Welcome to The Workout From Home Diaries. Throughout our national self-isolation period, we’ll be sharing single-exercise deep dives, offbeat belly-busters and general get-off-the-couch inspiration that doesn’t require a visit to your (now-shuttered) local gym.

Once a day, usually in that late afternoon work wasteland between lunch and dinner, the Fitbit on my wrist throws a party. It buzzes for six straight seconds, animatronic fireworks shoot across the little hard-coated plastic screen, and the number “10,000” flashes repeatedly. On certain days, especially after a motivated morning run, that celebration can arrive hours earlier. On others, it may not come until I trudge to the bathroom just before bed, after I’ve long forgotten about it. But in every instance, it fills me with a sense of satisfaction. Against all odds, I’ve done it.
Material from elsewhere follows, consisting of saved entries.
Lemma commutator_qcomm_step (u v E F K K' M M' : A) :
  GRing.comm u E -> GRing.comm F v ->
  commutator u v = - (q - q^-1)^-1 *: (K - K') ->
  commutator E F = (q - q^-1)^-1 *: (M - M') ->
  qweight q M u -> qweight q^-1 M' u -> qweight q^-1 M v ->
  qweight q K F -> qweight q^-1 K' F -> qweight q K' E ->
  GRing.comm K' M -> GRing.comm K' M' ->
  commutator (qcomm q u F) (qcomm q^-1 E v) = - (q - q^-1)^-1 *: (K * M - K' * M').
Proof.
move=> uE Fv uv EF hMu hM'u hMv hKF hK'F hK'E K'M K'M'.
have hE : commutator (qcomm q u F) E = q *: (u * M).
  rewrite commutator_sym commutator_qcomm (commutator0 (commr_sym uE)) qcomm0l.
  rewrite EF qcommZr qcommBr (qcomm_weightr _ hMu) (qcomm_weightr _ hM'u); qfield.
have hv : commutator (qcomm q u F) v = - (F * K').
  have vu : commutator v u = (q - q^-1)^-1 *: (K - K').
    by rewrite commutator_sym uv scaleNr opprK.
  rewrite commutator_sym commutator_qcomm (commutator0 (commr_sym Fv)) vu qcomm0r.
  rewrite qcommZl qcommBl (qcomm_weightl _ hKF) (qcomm_weightl _ hK'F); qfield.
rewrite commutator_qcomm hE hv qcommZl /qcomm -mulrA hMv mulNr -(mulrA F) hK'E.
have -> : q *: (u * (q^-1 *: (v * M)) - q^-1 *: (v * (u * M)))
    + (E * - (F * K') - q^-1 *: - (F * (q *: (E * K'))))
    = commutator u v * M - commutator E F * K'.
  rewrite /commutator; qfield.
rewrite uv EF -!scalerAl !mulrBl -K'M -K'M'; qfield.
Qed.

Lemma qcomm_nested (a b x y w : A) : GRing.comm a y -> commutator b y = w ->
  qcomm q a (qcomm q b (qcomm q x y)) =
  qcomm q (qcomm q a (qcomm q b x)) y + q *: qcomm q a (commutator x w).
Proof.
move=> ay <-; rewrite (qcomm_jacobi q b) qcommDr qcommZr qcomm_jacobi (commutator0 ay).
by rewrite (commutator0 (commr0 _)) scaler0 addr0.
Qed.

Lemma qcomm_commutator_weight (s t : L) (a x X X' K K' Lr Lt : A) :
  GRing.comm a x -> GRing.comm a X -> GRing.comm a X' ->
  GRing.comm a K -> GRing.comm a K' ->
  GRing.comm x Lr -> GRing.comm x Lt -> GRing.comm Lr K -> GRing.comm Lr K' ->
  commutator x X = - (q - q^-1)^-1 *: (K - K') ->
  qweight q Lr a -> qweight q^-1 Lt a ->
  qcomm q a (commutator x (s *: (X * Lr) - t *: (X' * Lt))) =
  (q * s) *: (a * Lr * (K - K')).
Proof.
move=> ax aX aX' aK aK' xLr xLt LrK LrK' xX hLr hLt.
have -> : commutator x (s *: (X * Lr) - t *: (X' * Lt)) =
    s *: commutator x (X * Lr) - t *: commutator x (X' * Lt).
  rewrite /commutator; qfield.
have aKK' := commrB aK aK'.
rewrite !commutatorMr // qcommBr !qcommZr (qcomm_mul_weight _ hLt); last first.
  by apply: commrB; apply: commrM.
rewrite (qcomm_mul_weight _ hLr); last by rewrite xX; apply/commrZ.
rewrite mulfV // subrr scale0r scaler0 subr0 xX -!scalerAl -aKK' -mulrA (commrB LrK LrK').
rewrite mulrA !scalerA; congr (_ *: _); field.
by rewrite q_neq0 -expr2 qsqB1_neq0.
Qed.

Lemma commutator_sub_scale (s t : L) (x y x' y' : A) :
  commutator (x - s *: x') (y - t *: y') =
  commutator x y - t *: commutator x y' - s *: commutator x' y
  + (s * t) *: commutator x' y'.
Proof. rewrite /commutator; qfield. Qed.

Lemma qweight_sub_scale (s k : L) (K x y z : A) :
  qweight s K x -> qweight s K y -> GRing.comm K z -> qweight s K (x - k *: (y * z)).
Proof.
move=> hx hy Kz; apply/qweightB/qweightZ => //.
by rewrite -[s]mulr1; apply/qweightM/qweight1P.
Qed.

Lemma comm_sub_scale (k : L) (w x y z : A) :
  GRing.comm w x -> GRing.comm w y -> GRing.comm w z -> GRing.comm w (x - k *: (y * z)).
Proof. by move=> wx wy wz; apply/commrB/commrZ/commrM. Qed.

End QAlgebra.

(** * Consequences of the relations of U_q(sl_{n+1}) *)

Ltac case_eqn :=
  repeat match goal with |- context [(?x == ?y)%N] => case: (x =P y) => ? end.

Lemma cartanC i j : cartan i j = cartan j i.
Proof. by rewrite /cartan eq_sym orbC. Qed.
I’ve taken 10,000 steps.

In the mid-1960s, a a Japanese watch company called Yamasa Clock debuted the figure that has been associated with daily step-counts, activity meters and modern wearables like Fitbit and Apple Watch ever since. The young brand’s marketing team named their pedometer Manpo-kei, which translates to “10,000 steps meter.” Something about the number sounded right: it was large enough to feel like a goal, but small enough to feel like an achievable one for the average adult. But Yamasa’s motive was even less scientific than that. The Japanese character for 10,000 somewhat a resembles a gentleman out for a brisk stroll: 万.